Go over these records and count the lines with the string "then" in them; the count is all that should be returned.
[Material to process]
(* Let $\alpha,\beta$ be parameters and $q$ an indeterminate, and let $E_{n,k}(\alpha,\beta,q)$ ($n\ge k\ge 0$) be the numbers defined in the context. For all integers $n\geq k\geq 0$, \[ E_{n,k}(\alpha,\beta,q)=\sum_{\sigma\in\mathfrak{S}_{n+1,k}}[\alpha]^{\mathrm{lrmin}(\sigma)-1}[\beta]^{\mathrm{rlmin}(\sigma)-1}q^{\widetilde{\mathrm{maj}}(\sigma)}, \] where $\mathfrak{S}_{n+1,k}$ is the set of permutations of $\{1,\dots,n+1\}$ with exactly $k$ descents and, for $\sigma\in\mathfrak{S}_{n+1}$, \[ \widetilde{\mathrm{maj}}(\sigma)=(1+\mathrm{des}(\sigma)-\mathrm{lrmin}(\sigma))(\alpha-1)+(n+1-\mathrm{rlmin}(\sigma))(\beta-1)+\mathrm{maj}(\sigma). \]
   Context: For a real $x$, $[x]=\frac{1-q^x}{1-q}$. The numbers $E_{n,k}(\alpha,\beta,q)$ (in the paper, $E_{n,k}(\alpha,\beta,q)=A(k,n-k\,|\,\alpha,\beta)_q$, Gaudin's $q$-analogue of the Carlitz–Scoville numbers obtained by normalizing Nadeau–Tewari remixed Eulerian numbers) are determined by $E_{0,0}=1$, $E_{n,k}=0$ if $k\notin\{0,\dots,n\}$, and for $n\ge1$ \[ E_{n,k}(\alpha,\beta,q)=q^{\beta+k-1}[n-k+\alpha]E_{n-1,k-1}(\alpha,\beta,q)+[k+\beta]E_{n-1,k}(\alpha,\beta,q). \] For $\sigma=\sigma_1\cdots\sigma_m\in\mathfrak{S}_m$: $\mathrm{des}(\sigma)=|\{i\in[m-1]:\sigma_i>\sigma_{i+1}\}|$; $\mathrm{maj}(\sigma)=\sum_{\sigma_i>\sigma_{i+1}}i$; $\mathrm{lrmin}(\sigma)=|\{i:\sigma_i<\sigma_j\ \forall j<i\}|$ (left-to-right minima); $\mathrm{rlmin}(\sigma)=|\{i:\sigma_i<\sigma_j\ \forall j>i\}|$ (right-to-left minima). *)

From HB Require Import structures.
From mathcomp Require Import all_boot all_order all_algebra all_fingroup.
From mathcomp Require Import all_classical all_reals.
From mathcomp Require Import exp.
Set Implicit Arguments. Unset Strict Implicit. Unset Printing Implicit Defensive.
Import Order.TTheory GRing.Theory Num.Theory.
Local Open Scope ring_scope.

Section Defs.
Variable R : realType.

Definition qint (q x : R) : R := (1 - q `^ x) / (1 - q).

Fixpoint Enk (q a b : R) (n k : nat) : R :=
  match n with
  | 0%N => if k == 0%N then 1 else 0
  | n'.+1 =>
      (match k with
       | 0%N => 0
       | k'.+1 => q `^ (b + k%:R - 1) * qint q (n%:R - k%:R + a) * Enk q a b n' k'
       end) + qint q (k%:R + b) * Enk q a b n' k
  end.
End Defs.

(* Statistics on words w = w_1 ... w_m (stored 0-indexed in a seq nat). *)
Definition wdes (w : seq nat) : nat :=
  count (fun i => nth 0%N w i.+1 < nth 0%N w i)%N (iota 0 (size w).-1).
Definition wmaj (w : seq nat) : nat :=
  (\sum_(i <- iota 0 (size w).-1 | (nth 0%N w i.+1 < nth 0%N w i)%N) i.+1)%N.
Definition wlrmin (w : seq nat) : nat :=
  count (fun i => all (fun j => nth 0%N w i < nth 0%N w j)%N (iota 0 i))
        (iota 0 (size w)).
Definition wrlmin (w : seq nat) : nat :=
  count (fun i => all (fun j => nth 0%N w i < nth 0%N w j)%N
                      (iota i.+1 (size w - i.+1)))
        (iota 0 (size w)).

(* one-line word of a permutation of {0,...,m-1} (values shifted by one
   from {1,...,m}, which does not affect any statistic) *)
Definition pword (m : nat) (s : 'S_m) : seq nat := [seq val (s i) | i <- enum 'I_m].
Definition des m (s : 'S_m) := wdes (pword s).
Definition maj m (s : 'S_m) := wmaj (pword s).
Definition lrmin m (s : 'S_m) := wlrmin (pword s).
Definition rlmin m (s : 'S_m) := wrlmin (pword s).

Definition majt (R : realType) (a b : R) (n : nat) (s : 'S_n.+1) : R :=
  (1 + (des s)%:R - (lrmin s)%:R) * (a - 1)
  + ((n.+1)%:R - (rlmin s)%:R) * (b - 1) + (maj s)%:R.

(* Every permutation of {0,...,m} arises in exactly one way by inserting its
   largest letter m into a permutation of {0,...,m-1}.  Inserting m in front
   adds a descent and a left-to-right minimum, appending it adds a right-to-left
   minimum, and inserting it into one of the inner gaps changes neither minimum
   and adds a descent exactly when the gap is an ascent.  Tracking maj as well,
   the part F(m,k) with k descents of the enumerator of A^(lrmin-1) B^(rlmin-1) q^maj
   satisfies
     F(m+1,k) = (B + q + ... + q^k) F(m,k) + (A q^k + q^(k+1) + ... + q^m) F(m,k-1).
   For A = [alpha] / q^(alpha-1) and B = [beta] / q^(beta-1) the numbers
   q^(k(alpha-1) + n(beta-1)) F(n+1,k) thus obey the recurrence defining E(n,k),
   and the same rescaling, done term by term, yields the right-hand side. *)

From HB Require Import structures.
From mathcomp Require Import all_boot all_order all_algebra all_fingroup.
From mathcomp Require Import all_classical all_reals.
From mathcomp Require Import exp.
From mathcomp Require Import zify ring.
Set Implicit Arguments. Unset Strict Implicit. Unset Printing Implicit Defensive.

Lemma iota1 n : iota 1 n = map succn (iota 0 n).
Proof. by rewrite -(iotaDl 1 0). Qed.

Lemma count_iota_nth (T : Type) (x0 : T) (P : pred T) (s : seq T) :
  count P s = count (fun i => P (nth x0 s i)) (iota 0 (size s)).
Proof. by rewrite -{1}(mkseq_nth x0 s) /mkseq count_map. Qed.

Lemma all_iota_nth (T : Type) (x0 : T) (P : pred T) (s : seq T) :
  all P s = all (fun i => P (nth x0 s i)) (iota 0 (size s)).
Proof. by rewrite -{1}(mkseq_nth x0 s) /mkseq all_map. Qed.

Fixpoint descents (w : seq nat) : seq bool :=
  match w with
  | x :: ((y :: _) as t) => (y < x) :: descents t
  | _ => [::]
  end.

Fixpoint bmaj (D : seq bool) : nat :=
  if D is b :: D' then b + count id D' + bmaj D' else 0.

Lemma descentsE w :
  descents w = [seq nth 0 w i.+1 < nth 0 w i | i <- iota 0 (size w).-1].
Proof.
elim: w => [|x [|y t] IH] //.
rewrite -[descents _]/((y < x) :: descents (y :: t)) IH /= iota1 -map_comp.
by congr (_ :: _).
Qed.

Lemma size_descents w : size (descents w) = (size w).-1.
Proof. by rewrite descentsE size_map size_iota. Qed.

Lemma wdes_descents w : wdes w = count id (descents w).
Proof. by rewrite descentsE count_map. Qed.

Lemma wdes_le w : wdes w <= (size w).-1.
Proof. by rewrite wdes_descents -size_descents count_size. Qed.

Lemma bmaj_sum D : bmaj D = \sum_(i <- iota 0 (size D) | nth false D i) i.+1.
Proof.
elim: D => [|b D IH] /=; first by rewrite big_nil.
rewrite big_cons /= iota1 big_map IH.
rewrite [in RHS](eq_bigr (fun j => j.+1 + 1)); last by move=> j _; rewrite addn1.
rewrite big_split /= sum1_count -(count_iota_nth false id).
by case: b => /=; lia.
Qed.

Lemma wmaj_descents w : wmaj w = bmaj (descents w).
Proof.
rewrite bmaj_sum size_descents /wmaj big_seq_cond [RHS]big_seq_cond.
apply: eq_bigl => i; rewrite mem_iota /= add0n.
case Hi: (i < (size w).-1) => //=.
by rewrite descentsE (nth_map 0) ?size_iota // nth_iota.
Qed.

Fixpoint lrmin_below (m : nat) (w : seq nat) : nat :=
  if w is x :: t then
    if x < m then (lrmin_below x t).+1 else lrmin_below m t
  else 0.

Lemma count_lrmin_cons (P : pred nat) x t :
  count (fun i => P (nth 0 (x :: t) i) &&
                  all (fun j => nth 0 (x :: t) i < nth 0 (x :: t) j) (iota 0 i))
        (iota 0 (size (x :: t))) =
  P x + count (fun i => P (nth 0 t i) && ((nth 0 t i < x) &&
                        all (fun j => nth 0 t i < nth 0 t j) (iota 0 i)))
              (iota 0 (size t)).
Proof.
rewrite /= andbT iota1 count_map; congr (_ + _); apply: eq_count => i /=.
by rewrite iota1 all_map.
Qed.

Lemma lrmin_belowE m w :
  lrmin_below m w =
  count (fun i => (nth 0 w i < m) && all (fun j => nth 0 w i < nth 0 w j) (iota 0 i))
        (iota 0 (size w)).
Proof.
elim: w m => [|x t IH] m //.
rewrite (count_lrmin_cons (fun y => y < m)) /= !IH.
have [Hxm|Hmx] := ltnP x m; rewrite ?add1n ?add0n; [congr S|];
  apply: eq_count => i /=; rewrite andbA.
  by rewrite (andb_idl (fun h => ltn_trans h Hxm)).
by rewrite (andb_idr (fun h => leq_trans h Hmx)).
Qed.

Lemma wlrmin_cons x t : wlrmin (x :: t) = (lrmin_below x t).+1.
Proof. by rewrite /wlrmin (count_lrmin_cons predT) lrmin_belowE. Qed.

Lemma wrlmin_cons x t : wrlmin (x :: t) = all (fun y => x < y) t + wrlmin t.
Proof.
rewrite /wrlmin /= subn1 /= iota1 count_map; congr (_ + _).
  by rewrite all_map [in RHS](all_iota_nth 0).
apply: eq_count => i /=; rewrite subSS.
by rewrite (_ : i.+2 = 1 + i.+1) // iotaDl all_map.
Qed.

Lemma wlrmin_gt0 w : w != [::] -> 0 < wlrmin w.
Proof. by case: w => [|x t] // _; rewrite wlrmin_cons. Qed.

Lemma wrlmin_gt0 w : w != [::] -> 0 < wrlmin w.
Proof.
elim: w => [|x [|y t] IH] // _.
by rewrite wrlmin_cons; have := IH isT; lia.
Qed.

Section InsertAt.
Variable T : Type.
Implicit Types (x : T) (w : seq T).

Definition ins_at p x w := take p w ++ x :: drop p w.

Definition del_at p w := take p w ++ drop p.+1 w.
[/Material to process]
**Output**: 4